#### TASK BRIEF:
Only one span of the listing below should come back. It runs from the line with "comp_idr : forall" through the line with "Sufficiency: take [A(x_i,x_j)", and each of its lines must be reproduced exactly.

*** DATA EXTRACTS ***

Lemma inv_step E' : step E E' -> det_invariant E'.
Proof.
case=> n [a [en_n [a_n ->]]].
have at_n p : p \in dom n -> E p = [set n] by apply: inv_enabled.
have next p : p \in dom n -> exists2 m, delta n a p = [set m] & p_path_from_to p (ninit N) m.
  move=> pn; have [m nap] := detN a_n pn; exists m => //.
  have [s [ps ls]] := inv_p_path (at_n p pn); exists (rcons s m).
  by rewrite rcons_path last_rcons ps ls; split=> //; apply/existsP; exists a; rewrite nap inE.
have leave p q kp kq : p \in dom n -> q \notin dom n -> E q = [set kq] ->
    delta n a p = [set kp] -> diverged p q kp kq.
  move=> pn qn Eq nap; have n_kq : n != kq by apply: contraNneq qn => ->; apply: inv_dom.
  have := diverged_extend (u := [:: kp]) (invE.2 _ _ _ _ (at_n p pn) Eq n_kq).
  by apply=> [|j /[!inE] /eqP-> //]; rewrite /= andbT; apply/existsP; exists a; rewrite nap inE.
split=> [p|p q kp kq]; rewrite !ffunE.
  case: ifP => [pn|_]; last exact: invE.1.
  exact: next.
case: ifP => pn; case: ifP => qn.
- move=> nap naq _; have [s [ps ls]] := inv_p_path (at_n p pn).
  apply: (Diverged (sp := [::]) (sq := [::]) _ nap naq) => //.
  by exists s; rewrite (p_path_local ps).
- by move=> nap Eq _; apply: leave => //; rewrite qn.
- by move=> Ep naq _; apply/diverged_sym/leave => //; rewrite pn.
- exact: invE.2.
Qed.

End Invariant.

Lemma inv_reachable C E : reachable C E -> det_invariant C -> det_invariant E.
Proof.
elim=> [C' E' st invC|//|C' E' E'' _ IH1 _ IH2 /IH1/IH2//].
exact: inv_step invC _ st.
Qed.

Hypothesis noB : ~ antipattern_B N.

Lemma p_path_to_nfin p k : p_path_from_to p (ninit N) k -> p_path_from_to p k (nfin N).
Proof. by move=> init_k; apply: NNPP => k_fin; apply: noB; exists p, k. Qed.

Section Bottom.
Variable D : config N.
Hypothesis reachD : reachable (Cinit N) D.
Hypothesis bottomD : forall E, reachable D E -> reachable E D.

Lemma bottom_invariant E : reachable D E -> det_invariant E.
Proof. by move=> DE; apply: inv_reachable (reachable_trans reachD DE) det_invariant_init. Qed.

*** End of DATA EXTRACTS ***
*** DATA EXTRACTS ***

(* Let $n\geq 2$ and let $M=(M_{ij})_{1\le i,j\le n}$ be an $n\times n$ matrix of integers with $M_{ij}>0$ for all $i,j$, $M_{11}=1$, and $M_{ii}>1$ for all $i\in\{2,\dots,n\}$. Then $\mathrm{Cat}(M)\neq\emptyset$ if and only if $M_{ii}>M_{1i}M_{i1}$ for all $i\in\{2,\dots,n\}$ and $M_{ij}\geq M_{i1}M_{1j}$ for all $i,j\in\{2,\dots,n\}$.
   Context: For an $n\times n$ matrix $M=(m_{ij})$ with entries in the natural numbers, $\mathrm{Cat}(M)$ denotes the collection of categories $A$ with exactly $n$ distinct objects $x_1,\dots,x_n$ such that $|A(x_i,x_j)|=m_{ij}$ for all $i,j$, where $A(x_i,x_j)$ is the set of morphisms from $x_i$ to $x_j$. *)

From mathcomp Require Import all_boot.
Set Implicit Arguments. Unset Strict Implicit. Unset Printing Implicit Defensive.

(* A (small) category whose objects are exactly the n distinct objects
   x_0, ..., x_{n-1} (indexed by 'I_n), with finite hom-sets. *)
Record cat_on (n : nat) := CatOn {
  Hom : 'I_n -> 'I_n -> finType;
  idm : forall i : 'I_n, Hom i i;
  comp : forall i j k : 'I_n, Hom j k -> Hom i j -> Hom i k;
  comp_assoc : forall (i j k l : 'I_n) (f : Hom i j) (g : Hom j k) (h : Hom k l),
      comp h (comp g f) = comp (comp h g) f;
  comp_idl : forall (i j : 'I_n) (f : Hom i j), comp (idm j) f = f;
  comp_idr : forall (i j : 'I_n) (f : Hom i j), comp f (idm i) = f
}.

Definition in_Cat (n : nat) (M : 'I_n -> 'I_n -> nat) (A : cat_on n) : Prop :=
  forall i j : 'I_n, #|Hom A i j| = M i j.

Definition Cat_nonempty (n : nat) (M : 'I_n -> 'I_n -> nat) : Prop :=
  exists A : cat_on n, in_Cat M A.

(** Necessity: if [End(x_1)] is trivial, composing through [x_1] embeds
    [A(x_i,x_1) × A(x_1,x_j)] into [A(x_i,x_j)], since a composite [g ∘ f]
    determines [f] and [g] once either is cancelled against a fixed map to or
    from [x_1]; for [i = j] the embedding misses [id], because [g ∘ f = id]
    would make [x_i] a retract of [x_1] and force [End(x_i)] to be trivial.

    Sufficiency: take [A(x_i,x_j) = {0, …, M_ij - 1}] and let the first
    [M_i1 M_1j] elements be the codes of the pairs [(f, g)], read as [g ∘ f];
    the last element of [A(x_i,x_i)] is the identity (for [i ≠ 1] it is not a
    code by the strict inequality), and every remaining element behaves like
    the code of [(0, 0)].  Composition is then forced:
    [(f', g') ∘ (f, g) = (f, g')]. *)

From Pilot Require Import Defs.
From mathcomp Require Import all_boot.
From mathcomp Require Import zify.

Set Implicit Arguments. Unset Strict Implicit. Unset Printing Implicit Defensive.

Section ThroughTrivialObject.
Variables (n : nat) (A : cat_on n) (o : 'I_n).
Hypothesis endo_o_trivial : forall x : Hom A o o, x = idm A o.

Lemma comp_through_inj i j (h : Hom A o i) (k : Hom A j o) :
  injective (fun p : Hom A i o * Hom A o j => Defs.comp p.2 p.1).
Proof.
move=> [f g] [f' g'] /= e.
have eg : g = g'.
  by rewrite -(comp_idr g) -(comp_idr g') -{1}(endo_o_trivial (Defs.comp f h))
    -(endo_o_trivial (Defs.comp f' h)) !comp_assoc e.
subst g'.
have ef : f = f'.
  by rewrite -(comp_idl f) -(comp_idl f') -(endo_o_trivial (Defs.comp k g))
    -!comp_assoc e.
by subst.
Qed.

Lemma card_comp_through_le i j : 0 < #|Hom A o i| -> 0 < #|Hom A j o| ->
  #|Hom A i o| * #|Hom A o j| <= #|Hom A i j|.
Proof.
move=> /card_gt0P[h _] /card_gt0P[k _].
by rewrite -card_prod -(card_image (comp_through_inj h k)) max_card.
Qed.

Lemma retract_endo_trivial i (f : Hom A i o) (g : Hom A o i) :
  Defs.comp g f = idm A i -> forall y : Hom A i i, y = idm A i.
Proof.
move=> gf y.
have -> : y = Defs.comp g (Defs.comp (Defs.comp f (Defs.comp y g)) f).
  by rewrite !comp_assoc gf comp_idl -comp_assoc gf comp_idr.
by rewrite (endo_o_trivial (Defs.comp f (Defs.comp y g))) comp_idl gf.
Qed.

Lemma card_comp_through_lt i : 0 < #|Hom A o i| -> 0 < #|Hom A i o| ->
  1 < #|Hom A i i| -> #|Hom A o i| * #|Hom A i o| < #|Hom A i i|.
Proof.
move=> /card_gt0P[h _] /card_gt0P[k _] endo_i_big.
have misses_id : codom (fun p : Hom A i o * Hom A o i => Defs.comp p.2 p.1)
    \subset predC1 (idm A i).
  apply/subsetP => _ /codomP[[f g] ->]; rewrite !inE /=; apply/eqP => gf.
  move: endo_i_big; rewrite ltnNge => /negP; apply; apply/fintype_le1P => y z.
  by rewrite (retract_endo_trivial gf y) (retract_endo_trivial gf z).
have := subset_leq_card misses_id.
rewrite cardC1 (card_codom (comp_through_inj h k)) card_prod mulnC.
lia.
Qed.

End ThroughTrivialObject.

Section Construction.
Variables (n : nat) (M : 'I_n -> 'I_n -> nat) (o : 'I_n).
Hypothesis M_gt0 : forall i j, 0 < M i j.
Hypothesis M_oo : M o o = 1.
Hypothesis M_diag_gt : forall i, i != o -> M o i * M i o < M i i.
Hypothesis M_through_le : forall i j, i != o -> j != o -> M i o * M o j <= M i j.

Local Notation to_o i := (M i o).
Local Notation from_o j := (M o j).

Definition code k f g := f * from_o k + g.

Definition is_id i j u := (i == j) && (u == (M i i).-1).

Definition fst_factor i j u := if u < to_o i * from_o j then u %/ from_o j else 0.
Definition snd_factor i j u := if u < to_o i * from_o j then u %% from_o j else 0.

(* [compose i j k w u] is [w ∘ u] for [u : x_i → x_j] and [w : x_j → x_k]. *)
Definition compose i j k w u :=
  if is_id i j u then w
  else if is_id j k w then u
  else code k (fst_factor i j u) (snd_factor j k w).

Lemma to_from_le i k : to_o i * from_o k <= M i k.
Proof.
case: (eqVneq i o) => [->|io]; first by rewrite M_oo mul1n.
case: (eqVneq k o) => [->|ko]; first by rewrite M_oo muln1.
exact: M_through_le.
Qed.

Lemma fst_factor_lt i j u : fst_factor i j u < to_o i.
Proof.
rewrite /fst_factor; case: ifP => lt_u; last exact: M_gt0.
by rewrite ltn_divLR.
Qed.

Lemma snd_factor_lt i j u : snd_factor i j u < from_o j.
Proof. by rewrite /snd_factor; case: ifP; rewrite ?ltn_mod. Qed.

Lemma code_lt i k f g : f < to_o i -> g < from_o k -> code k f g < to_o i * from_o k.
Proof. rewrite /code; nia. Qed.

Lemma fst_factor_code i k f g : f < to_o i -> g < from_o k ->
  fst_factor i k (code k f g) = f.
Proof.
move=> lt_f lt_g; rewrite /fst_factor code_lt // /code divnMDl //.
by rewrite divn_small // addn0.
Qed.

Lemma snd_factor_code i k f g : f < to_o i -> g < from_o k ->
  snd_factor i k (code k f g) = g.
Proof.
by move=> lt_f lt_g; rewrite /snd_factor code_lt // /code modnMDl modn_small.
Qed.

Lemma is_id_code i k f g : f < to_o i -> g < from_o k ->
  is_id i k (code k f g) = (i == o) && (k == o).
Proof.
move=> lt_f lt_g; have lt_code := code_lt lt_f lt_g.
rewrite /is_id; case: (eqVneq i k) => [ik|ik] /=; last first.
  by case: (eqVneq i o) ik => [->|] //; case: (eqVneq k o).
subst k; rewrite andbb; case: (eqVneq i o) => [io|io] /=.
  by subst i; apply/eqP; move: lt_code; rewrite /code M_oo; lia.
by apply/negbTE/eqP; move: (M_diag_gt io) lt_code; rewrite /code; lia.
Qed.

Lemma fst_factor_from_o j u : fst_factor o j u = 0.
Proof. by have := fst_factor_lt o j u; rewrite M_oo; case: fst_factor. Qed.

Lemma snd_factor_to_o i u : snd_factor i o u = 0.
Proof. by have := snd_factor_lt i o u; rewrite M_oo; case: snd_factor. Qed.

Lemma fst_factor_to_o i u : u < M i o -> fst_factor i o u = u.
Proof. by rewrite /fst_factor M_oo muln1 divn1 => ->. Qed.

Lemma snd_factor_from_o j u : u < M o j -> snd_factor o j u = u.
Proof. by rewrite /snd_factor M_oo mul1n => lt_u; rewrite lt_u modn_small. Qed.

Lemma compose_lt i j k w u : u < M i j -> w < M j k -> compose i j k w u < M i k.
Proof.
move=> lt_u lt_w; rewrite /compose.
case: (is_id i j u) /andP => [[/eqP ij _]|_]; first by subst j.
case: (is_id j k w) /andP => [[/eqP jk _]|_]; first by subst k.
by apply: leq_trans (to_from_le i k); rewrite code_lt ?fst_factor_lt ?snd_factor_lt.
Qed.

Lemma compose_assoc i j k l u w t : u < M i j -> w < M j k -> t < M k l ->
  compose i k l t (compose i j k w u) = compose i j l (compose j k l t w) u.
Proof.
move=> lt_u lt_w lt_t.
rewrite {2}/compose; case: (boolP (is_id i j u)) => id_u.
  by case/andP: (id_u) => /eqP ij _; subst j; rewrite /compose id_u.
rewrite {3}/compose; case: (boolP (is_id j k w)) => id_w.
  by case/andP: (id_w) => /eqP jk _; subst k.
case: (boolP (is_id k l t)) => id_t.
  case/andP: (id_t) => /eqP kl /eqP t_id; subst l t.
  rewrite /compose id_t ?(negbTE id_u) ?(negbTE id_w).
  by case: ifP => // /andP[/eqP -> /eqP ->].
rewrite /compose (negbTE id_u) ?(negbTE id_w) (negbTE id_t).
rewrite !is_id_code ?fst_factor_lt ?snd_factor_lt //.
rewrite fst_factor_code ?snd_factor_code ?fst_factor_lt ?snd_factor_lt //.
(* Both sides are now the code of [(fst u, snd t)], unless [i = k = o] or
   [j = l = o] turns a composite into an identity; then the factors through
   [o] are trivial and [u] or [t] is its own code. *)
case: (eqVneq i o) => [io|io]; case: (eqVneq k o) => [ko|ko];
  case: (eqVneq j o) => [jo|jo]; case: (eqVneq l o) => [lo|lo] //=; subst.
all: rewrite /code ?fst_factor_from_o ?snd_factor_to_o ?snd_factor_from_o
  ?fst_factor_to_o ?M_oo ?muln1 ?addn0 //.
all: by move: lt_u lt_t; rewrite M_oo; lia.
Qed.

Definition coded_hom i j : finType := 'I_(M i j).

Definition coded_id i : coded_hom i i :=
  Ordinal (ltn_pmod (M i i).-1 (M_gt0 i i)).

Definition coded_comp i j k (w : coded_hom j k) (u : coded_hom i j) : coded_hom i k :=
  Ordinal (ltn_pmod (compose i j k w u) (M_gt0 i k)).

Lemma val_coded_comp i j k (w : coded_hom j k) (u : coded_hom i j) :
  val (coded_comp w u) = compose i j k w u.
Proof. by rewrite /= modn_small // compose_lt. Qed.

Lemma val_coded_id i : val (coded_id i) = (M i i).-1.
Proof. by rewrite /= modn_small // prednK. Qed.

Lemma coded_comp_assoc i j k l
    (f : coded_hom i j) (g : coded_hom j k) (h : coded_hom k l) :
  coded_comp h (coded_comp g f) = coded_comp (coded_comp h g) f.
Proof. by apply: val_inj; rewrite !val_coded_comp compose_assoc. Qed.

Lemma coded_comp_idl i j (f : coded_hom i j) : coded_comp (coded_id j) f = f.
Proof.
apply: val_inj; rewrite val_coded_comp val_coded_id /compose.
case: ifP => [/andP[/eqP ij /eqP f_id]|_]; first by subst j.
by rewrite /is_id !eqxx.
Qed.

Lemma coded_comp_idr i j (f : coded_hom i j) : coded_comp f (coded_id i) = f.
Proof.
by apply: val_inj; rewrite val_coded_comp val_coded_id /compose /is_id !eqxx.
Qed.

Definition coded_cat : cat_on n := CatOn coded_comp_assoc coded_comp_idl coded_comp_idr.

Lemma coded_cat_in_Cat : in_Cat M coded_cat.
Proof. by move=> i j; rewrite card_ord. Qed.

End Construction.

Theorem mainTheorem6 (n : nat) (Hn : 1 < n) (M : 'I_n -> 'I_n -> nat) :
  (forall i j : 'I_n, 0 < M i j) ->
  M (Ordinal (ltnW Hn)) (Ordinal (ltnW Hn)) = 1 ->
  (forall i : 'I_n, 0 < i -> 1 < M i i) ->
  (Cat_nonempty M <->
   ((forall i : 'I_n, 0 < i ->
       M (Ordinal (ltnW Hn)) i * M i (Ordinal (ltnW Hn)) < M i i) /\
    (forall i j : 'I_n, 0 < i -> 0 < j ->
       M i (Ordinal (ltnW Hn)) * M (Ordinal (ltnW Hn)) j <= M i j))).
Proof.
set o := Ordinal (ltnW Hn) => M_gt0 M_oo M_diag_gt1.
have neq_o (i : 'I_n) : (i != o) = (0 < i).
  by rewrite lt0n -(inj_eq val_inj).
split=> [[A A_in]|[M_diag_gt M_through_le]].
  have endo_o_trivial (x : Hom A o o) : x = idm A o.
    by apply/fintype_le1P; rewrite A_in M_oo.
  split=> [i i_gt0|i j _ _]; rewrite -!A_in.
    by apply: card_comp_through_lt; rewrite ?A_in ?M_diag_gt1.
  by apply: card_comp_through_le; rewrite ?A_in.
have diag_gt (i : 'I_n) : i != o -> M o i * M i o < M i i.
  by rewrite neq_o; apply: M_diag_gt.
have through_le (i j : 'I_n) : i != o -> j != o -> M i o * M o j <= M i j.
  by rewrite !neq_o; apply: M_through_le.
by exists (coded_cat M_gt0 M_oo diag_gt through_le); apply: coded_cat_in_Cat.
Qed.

*** End of DATA EXTRACTS ***

#### EXERCISE RESULT:
  comp_idr : forall (i j : 'I_n) (f : Hom i j), comp f (idm i) = f
}.

Definition in_Cat (n : nat) (M : 'I_n -> 'I_n -> nat) (A : cat_on n) : Prop :=
  forall i j : 'I_n, #|Hom A i j| = M i j.

Definition Cat_nonempty (n : nat) (M : 'I_n -> 'I_n -> nat) : Prop :=
  exists A : cat_on n, in_Cat M A.

(** Necessity: if [End(x_1)] is trivial, composing through [x_1] embeds
    [A(x_i,x_1) × A(x_1,x_j)] into [A(x_i,x_j)], since a composite [g ∘ f]
    determines [f] and [g] once either is cancelled against a fixed map to or
    from [x_1]; for [i = j] the embedding misses [id], because [g ∘ f = id]
    would make [x_i] a retract of [x_1] and force [End(x_i)] to be trivial.

    Sufficiency: take [A(x_i,x_j) = {0, …, M_ij - 1}] and let the first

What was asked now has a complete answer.